Dans un contexte mondial de promotion d’une approche globale de la santé publique, Hong Kong s’engage depuis plusieurs années contre la menace toujours grandissante causée par le problème de la résistance microbienne aux antibiotiques. La région administrative spéciale oriente sa politique de santé publique vers la sensibilisation de sa population, un accompagnement des pratiques médicales et vétérinaires et le développement d’une recherche biomédicale active. Toutefois, au delà de ces bonnes intentions, la réalité de la situation comprend de nombreuses difficultés qui rendent le problème complexe.

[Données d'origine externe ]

(* Let $(v,L)$ be a (sufficiently regular) solution on $(t_0,t_1)\times\mathbb T^3$ of the system \[ \begin{aligned} \partial_t v^i&=-\frac{\alpha(1-3K)}{t}v^i - \frac{K}{1+K}t^{-\alpha}(1-|v|^2)\partial_i L-t^{-\alpha}v^j\partial_j v^i +t^{-\alpha}\Big(1-\frac{1-K}{1-K|v|^2}\Big)v^i\partial_j v^j\\ &\quad+t^{-\alpha}\frac{1-K}{1+K}\Big(1-\frac{1-K}{1-K|v|^2}\Big)v^i v^j\partial_j L +\frac{\alpha(1-3K)}{t}\frac{1-K}{1-K|v|^2}|v|^2 v^i,\\ \partial_tL&=-t^{-\alpha}\frac{1+K}{1-K|v|^2}\partial_j v^j-t^{-\alpha}\frac{1-K}{1-K|v|^2} v^j\partial_j L+\frac{\alpha(1+K)}{t}\frac{1-3K}{1-K|v|^2}|v|^2 . \end{aligned} \] Then \[ \begin{aligned} \partial_t\Big(\frac12\int \partial_i v^j\partial^iv_j \Big) &=-\frac{\alpha(1-3K)}{t}\int \partial_i v^j\partial^iv_j -\frac{K}{1+K}t^{-\alpha}\int \partial_i v^j(1-|v|^2)\partial^i\partial_j L \\ &\quad+t^{-\alpha}\int \partial^iv_j\Big(1-\frac{1-K}{1-K|v|^2}\Big)v^j \partial_i\partial_kv^k \\ &\quad+t^{-\alpha}\frac{1-K}{1+K}\int \partial^i v_j\Big(1-\frac{1-K}{1-K|v|^2}\Big)v^j v^k\partial_i\partial_k L +f(t), \end{aligned} \] where $f(t)$ is a perturbative term.
   Context: Standing assumptions: $\alpha>0$ and $0\le K\le1/3$ constants, $t>1$, $|v|<1/10$. $\int$ denotes $\int_{\mathbb T^3}\cdot\,d^3x$ over the standard flat torus; indices raised/lowered with $\delta$, repeated indices summed, $|v|^2=\delta_{ij}v^iv^j$; $D$ is the spatial gradient. A function $f(t)$ is called perturbative if $|f(t)|\le C\frac{1+t^{1-\alpha}}{t}p(\|DL\|_{L^2},\|Dv\|_{L^2},\|v\|_{L^\infty},\|Dv\|_{L^\infty})$ for a constant $C$ and a polynomial $p$ whose lowest-order terms have degree at least 3. *)

From Stdlib Require Import Reals List.
From Coquelicot Require Import Coquelicot.
Open Scope R_scope.

(* A scalar field on (time) x (space R^3): F t x1 x2 x3.
   Directions: 0 = time, 1,2,3 = spatial x1,x2,x3. *)
Definition field := R -> R -> R -> R -> R.

Definition pd (k : nat) (F : field) : field :=
  fun t x y z =>
    match k with
    | 0 => Derive (fun s => F s x y z) t
    | 1 => Derive (fun s => F t s y z) x
    | 2 => Derive (fun s => F t x s z) y
    | _ => Derive (fun s => F t x y s) z
    end.

Definition ex_pd (k : nat) (F : field) (t x y z : R) : Prop :=
  match k with
  | 0 => ex_derive (fun s => F s x y z) t
  | 1 => ex_derive (fun s => F t s y z) x
  | 2 => ex_derive (fun s => F t x s z) y
  | _ => ex_derive (fun s => F t x y s) z
  end.

Definition dx (i : nat) (F : field) : field := pd (S i) F.

Definition iterd (ds : list nat) (F : field) : field := fold_right pd F ds.

Definition smooth_on (t0 t1 : R) (F : field) : Prop :=
  forall ds : list nat, (forall d, In d ds -> (d < 4)%nat) ->
  forall t x y z, t0 < t < t1 ->
    (forall k, (k < 4)%nat -> ex_pd k (iterd ds F) t x y z) /\
    continuous (fun p : R * R * R * R =>
                  iterd ds F (fst (fst (fst p))) (snd (fst (fst p)))
                             (snd (fst p)) (snd p)) (t, x, y, z).

(* 1-periodic in each spatial variable: a field on the flat torus T^3 *)
Definition periodic (F : field) : Prop :=
  forall t x y z, F t (x + 1) y z = F t x y z /\ F t x (y + 1) z = F t x y z
                  /\ F t x y (z + 1) = F t x y z.

Definition sum3 (f : nat -> R) : R := f 0%nat + f 1%nat + f 2%nat.

Definition int3 (g : R -> R -> R -> R) : R :=
  RInt (fun x => RInt (fun y => RInt (fun z => g x y z) 0 1) 0 1) 0 1.

Definition vfield := nat -> field.

Definition vsq (v : vfield) (t x y z : R) : R :=
  sum3 (fun j => v j t x y z ^ 2).

Definition Dvsq (v : vfield) (t x y z : R) : R :=
  sum3 (fun i => sum3 (fun j => dx i (v j) t x y z ^ 2)).

Definition DLsq (L : field) (t x y z : R) : R :=
  sum3 (fun i => dx i L t x y z ^ 2).

Definition L2_DL (L : field) (t : R) : R := sqrt (int3 (DLsq L t)).
Definition L2_Dv (v : vfield) (t : R) : R := sqrt (int3 (Dvsq v t)).
Definition sup3 (g : R -> R -> R -> R) : R :=
  real (Lub_Rbar (fun r => exists x y z, r = g x y z)).
Definition Linf_v (v : vfield) (t : R) : R := sup3 (fun x y z => sqrt (vsq v t x y z)).
Definition Linf_Dv (v : vfield) (t : R) : R := sup3 (fun x y z => sqrt (Dvsq v t x y z)).

(* a polynomial in 4 variables, as a list of (coefficient, exponents) *)
Definition poly4 := list (R * (nat * nat * nat * nat)).

Definition eval4 (p : poly4) (a b c d : R) : R :=
  fold_right (fun m acc =>
    match m with (co, (e1, e2, e3, e4)) => co * a ^ e1 * b ^ e2 * c ^ e3 * d ^ e4 + acc end)
    0 p.

Definition lowdeg_ge3 (p : poly4) : Prop :=
  List.Forall (fun m => match m with (_, (e1, e2, e3, e4)) => (3 <= e1 + e2 + e3 + e4)%nat end) p.

Definition is_solution (al K t0 t1 : R) (v : vfield) (L : field) : Prop :=
  forall t x y z, t0 < t < t1 ->
  let w := vsq v t x y z in
  let ta := Rpower t (- al) in
  let Q := (1 - K) / (1 - K * w) in
  (forall i, (i < 3)%nat ->
    pd 0 (v i) t x y z =
      - (al * (1 - 3 * K) / t) * v i t x y z
      - K / (1 + K) * ta * (1 - w) * dx i L t x y z
      - ta * sum3 (fun j => v j t x y z * dx j (v i) t x y z)
      + ta * (1 - Q) * v i t x y z * sum3 (fun j => dx j (v j) t x y z)
      + ta * ((1 - K) / (1 + K)) * (1 - Q) * v i t x y z
          * sum3 (fun j => v j t x y z * dx j L t x y z)
      + al * (1 - 3 * K) / t * Q * w * v i t x y z) /\
  pd 0 L t x y z =
      - ta * ((1 + K) / (1 - K * w)) * sum3 (fun j => dx j (v j) t x y z)
      - ta * Q * sum3 (fun j => v j t x y z * dx j L t x y z)
      + al * (1 + K) / t * ((1 - 3 * K) / (1 - K * w)) * w.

Article rédigé le 11/05/2016

L’Organisation Mondiale de la Santé (OMS) a récemment remis en avant son combat contre la résistance aux antibiotiques. Le lancement en novembre 2015 de sa nouvelle campagne intitulée « Antibiotiques, à manipuler avec précaution » s’est accompagné de la publication des résultats d’une enquête montrant que l’opinion publique, même si de plus en plus concernée par le problème, saisit encore mal les menaces que fait peser l’antibiorésistance sur la santé publique. La hongkongaise Dr Margaret Chan, directrice générale de l’OMS, a une nouvelle fois voulu provoquer la prise de conscience : « L’augmentation de la résistance aux antibiotiques représente un immense danger pour la santé mondiale, et les gouvernements reconnaissent désormais qu’il s’agit de l’un des plus grands défis auxquels la santé publique est confrontée aujourd’hui. Elle atteint des niveaux dangereusement élevés dans toutes les parties du monde. [Elle] met en péril notre capacité à traiter les maladies infectieuses et compromet de nombreux progrès obtenus dans le domaine médical. »1 Le message n’est pas nouveau. Dès les années 2000, les éditoriaux rédigés par l’organisation avaient le même ton alarmiste : « Résistance aux antimicrobiens : une menace pour le monde »2. Après les énormes progrès que les antibiotiques ont apportés à la médecine du XXe siècle depuis la découverte de pénicilline G en 1928, leur utilisation massive en santé humaine et animale, parfois inadaptée ou détournée, a effectivement provoqué une amplification de l’apparition de bactéries résistantes, qui nous mènerait aujourd’hui vers une « apocalypse post-antibiotique »3 avec des situations d’impasse thérapeutique de plus en plus fréquentes. Si les chiffres alarmants avancés par l’OMS peuvent être discutés du point de vue de leur fiabilité en raison de la difficulté du recueil et du traitement de données à l’échelle mondiale, il n’en reste pas moins que la nature du message doit être retenue.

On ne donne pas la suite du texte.